EXERCISE BRIEF:
Every line of the material below that contains the string "imul" must appear in the answer.

ENTRIES SHOWN below:

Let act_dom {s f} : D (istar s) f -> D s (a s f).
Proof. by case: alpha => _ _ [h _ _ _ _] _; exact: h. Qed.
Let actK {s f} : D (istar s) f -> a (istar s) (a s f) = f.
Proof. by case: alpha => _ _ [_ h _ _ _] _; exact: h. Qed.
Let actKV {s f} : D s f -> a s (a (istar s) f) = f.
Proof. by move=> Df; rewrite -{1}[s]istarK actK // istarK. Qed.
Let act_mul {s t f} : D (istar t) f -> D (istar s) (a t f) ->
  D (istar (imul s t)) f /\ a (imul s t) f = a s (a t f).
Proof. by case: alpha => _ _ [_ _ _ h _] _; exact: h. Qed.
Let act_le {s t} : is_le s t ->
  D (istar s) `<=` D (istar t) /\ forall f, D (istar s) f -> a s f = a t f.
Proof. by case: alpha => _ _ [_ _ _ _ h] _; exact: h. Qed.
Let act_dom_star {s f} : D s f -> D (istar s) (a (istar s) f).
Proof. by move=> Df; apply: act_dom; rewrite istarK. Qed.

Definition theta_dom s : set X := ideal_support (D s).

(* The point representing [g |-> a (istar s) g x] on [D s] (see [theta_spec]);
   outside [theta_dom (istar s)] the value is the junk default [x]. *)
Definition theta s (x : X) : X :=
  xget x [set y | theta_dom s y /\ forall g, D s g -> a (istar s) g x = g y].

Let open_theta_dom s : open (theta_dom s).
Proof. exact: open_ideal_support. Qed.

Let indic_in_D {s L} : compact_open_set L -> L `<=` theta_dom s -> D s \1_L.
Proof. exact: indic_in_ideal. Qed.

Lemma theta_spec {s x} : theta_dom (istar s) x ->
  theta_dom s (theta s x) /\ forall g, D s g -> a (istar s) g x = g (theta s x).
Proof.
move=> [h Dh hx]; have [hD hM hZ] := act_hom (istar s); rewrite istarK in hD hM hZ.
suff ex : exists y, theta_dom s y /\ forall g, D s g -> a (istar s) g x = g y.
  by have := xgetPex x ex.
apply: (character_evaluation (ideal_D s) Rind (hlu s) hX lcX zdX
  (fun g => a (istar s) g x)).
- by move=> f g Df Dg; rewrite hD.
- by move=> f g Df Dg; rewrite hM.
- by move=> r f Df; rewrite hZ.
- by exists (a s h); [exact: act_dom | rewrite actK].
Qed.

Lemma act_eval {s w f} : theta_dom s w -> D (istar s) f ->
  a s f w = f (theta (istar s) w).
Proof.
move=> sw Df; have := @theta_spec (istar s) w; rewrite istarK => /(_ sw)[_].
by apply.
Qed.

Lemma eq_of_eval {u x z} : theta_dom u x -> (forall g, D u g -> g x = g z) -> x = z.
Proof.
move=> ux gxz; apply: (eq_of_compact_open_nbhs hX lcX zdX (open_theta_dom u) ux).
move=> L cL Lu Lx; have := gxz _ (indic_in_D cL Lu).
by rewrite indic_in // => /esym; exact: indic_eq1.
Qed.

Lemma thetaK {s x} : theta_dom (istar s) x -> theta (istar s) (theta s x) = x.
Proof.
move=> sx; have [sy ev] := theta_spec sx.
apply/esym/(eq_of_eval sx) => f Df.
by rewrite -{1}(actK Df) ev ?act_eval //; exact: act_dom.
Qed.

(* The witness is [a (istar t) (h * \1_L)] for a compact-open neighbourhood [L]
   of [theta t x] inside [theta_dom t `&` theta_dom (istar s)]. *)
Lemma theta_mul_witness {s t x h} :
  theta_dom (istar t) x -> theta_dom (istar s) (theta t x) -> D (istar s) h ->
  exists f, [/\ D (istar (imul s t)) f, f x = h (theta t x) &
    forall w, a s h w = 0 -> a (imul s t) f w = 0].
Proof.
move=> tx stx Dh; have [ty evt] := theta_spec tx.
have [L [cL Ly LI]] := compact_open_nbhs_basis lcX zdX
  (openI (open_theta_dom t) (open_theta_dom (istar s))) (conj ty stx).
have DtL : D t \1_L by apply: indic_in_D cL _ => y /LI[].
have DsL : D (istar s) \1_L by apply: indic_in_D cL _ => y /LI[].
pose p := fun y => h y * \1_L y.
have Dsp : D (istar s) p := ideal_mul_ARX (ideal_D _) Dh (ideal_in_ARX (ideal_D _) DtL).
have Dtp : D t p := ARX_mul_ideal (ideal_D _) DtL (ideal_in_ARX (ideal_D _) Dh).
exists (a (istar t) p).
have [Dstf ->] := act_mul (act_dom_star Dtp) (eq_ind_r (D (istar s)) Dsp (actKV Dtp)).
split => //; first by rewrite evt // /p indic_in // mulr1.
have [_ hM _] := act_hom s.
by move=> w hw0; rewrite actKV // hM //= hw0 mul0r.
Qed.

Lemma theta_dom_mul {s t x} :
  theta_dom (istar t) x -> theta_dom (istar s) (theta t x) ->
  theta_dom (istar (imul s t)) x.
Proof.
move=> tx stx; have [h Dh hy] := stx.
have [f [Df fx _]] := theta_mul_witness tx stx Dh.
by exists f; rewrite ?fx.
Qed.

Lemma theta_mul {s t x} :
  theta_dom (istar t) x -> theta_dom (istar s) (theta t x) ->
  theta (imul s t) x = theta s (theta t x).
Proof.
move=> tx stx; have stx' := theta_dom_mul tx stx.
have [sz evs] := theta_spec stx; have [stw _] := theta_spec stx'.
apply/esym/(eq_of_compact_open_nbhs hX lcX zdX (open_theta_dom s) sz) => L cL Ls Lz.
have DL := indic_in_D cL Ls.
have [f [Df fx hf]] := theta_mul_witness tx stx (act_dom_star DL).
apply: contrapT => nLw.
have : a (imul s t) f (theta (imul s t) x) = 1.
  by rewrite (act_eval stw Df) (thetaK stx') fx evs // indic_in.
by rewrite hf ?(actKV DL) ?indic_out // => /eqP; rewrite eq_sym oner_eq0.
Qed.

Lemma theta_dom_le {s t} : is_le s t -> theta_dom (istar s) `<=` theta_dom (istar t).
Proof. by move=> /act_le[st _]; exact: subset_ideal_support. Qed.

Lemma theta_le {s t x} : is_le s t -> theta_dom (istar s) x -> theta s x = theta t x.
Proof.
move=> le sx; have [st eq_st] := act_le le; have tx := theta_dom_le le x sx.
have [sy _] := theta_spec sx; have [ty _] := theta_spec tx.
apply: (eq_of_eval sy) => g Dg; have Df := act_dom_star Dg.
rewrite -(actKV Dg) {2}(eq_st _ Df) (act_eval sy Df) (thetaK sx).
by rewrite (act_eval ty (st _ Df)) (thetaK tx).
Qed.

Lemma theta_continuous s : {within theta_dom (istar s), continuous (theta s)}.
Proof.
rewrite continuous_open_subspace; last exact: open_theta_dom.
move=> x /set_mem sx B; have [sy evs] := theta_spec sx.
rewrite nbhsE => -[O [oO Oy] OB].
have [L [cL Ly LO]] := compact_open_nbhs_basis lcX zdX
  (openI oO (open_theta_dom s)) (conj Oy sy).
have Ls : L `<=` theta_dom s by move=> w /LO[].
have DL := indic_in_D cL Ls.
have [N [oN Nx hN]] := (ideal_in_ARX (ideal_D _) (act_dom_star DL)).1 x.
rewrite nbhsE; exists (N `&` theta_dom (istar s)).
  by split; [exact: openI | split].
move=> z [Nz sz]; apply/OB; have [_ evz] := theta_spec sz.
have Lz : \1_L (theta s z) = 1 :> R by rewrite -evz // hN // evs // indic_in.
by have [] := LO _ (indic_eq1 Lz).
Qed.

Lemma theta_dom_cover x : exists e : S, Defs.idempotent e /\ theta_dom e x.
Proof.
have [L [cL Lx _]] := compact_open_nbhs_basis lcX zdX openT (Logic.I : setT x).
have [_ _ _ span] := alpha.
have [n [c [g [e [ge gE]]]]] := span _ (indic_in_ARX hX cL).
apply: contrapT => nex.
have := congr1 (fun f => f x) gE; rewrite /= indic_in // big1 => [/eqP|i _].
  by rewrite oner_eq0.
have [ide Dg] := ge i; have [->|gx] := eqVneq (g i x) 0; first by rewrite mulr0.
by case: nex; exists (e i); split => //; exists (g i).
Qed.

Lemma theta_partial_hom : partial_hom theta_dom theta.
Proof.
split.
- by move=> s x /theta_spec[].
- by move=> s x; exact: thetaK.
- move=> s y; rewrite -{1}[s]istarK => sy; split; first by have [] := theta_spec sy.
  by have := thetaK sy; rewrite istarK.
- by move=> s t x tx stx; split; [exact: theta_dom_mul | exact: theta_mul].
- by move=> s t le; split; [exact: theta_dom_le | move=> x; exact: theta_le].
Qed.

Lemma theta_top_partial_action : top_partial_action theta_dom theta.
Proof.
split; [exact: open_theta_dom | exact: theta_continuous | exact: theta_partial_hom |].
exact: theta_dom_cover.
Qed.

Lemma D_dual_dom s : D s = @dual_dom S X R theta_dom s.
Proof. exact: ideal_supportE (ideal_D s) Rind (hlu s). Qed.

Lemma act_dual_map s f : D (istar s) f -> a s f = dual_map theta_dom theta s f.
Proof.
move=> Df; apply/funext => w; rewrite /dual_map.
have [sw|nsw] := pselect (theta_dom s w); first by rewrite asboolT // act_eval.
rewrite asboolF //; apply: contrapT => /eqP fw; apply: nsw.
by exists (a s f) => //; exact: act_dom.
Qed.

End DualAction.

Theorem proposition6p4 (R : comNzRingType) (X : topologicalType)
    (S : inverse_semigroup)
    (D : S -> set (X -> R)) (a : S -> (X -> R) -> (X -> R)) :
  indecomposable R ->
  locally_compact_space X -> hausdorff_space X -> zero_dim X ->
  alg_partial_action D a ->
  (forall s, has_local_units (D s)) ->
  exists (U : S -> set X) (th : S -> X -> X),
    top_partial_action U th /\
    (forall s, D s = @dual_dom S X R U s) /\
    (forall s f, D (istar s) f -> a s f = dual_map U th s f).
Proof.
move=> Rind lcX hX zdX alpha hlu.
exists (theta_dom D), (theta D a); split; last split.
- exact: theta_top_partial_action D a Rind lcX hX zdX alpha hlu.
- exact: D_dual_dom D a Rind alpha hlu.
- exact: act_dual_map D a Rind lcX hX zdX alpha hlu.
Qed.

End of ENTRIES SHOWN.

RESPONSE BOX:
  D (istar (imul s t)) f /\ a (imul s t) f = a s (a t f).
  exists f, [/\ D (istar (imul s t)) f, f x = h (theta t x) &
    forall w, a s h w = 0 -> a (imul s t) f w = 0].
  theta_dom (istar (imul s t)) x.
  theta (imul s t) x = theta s (theta t x).
have : a (imul s t) f (theta (imul s t) x) = 1.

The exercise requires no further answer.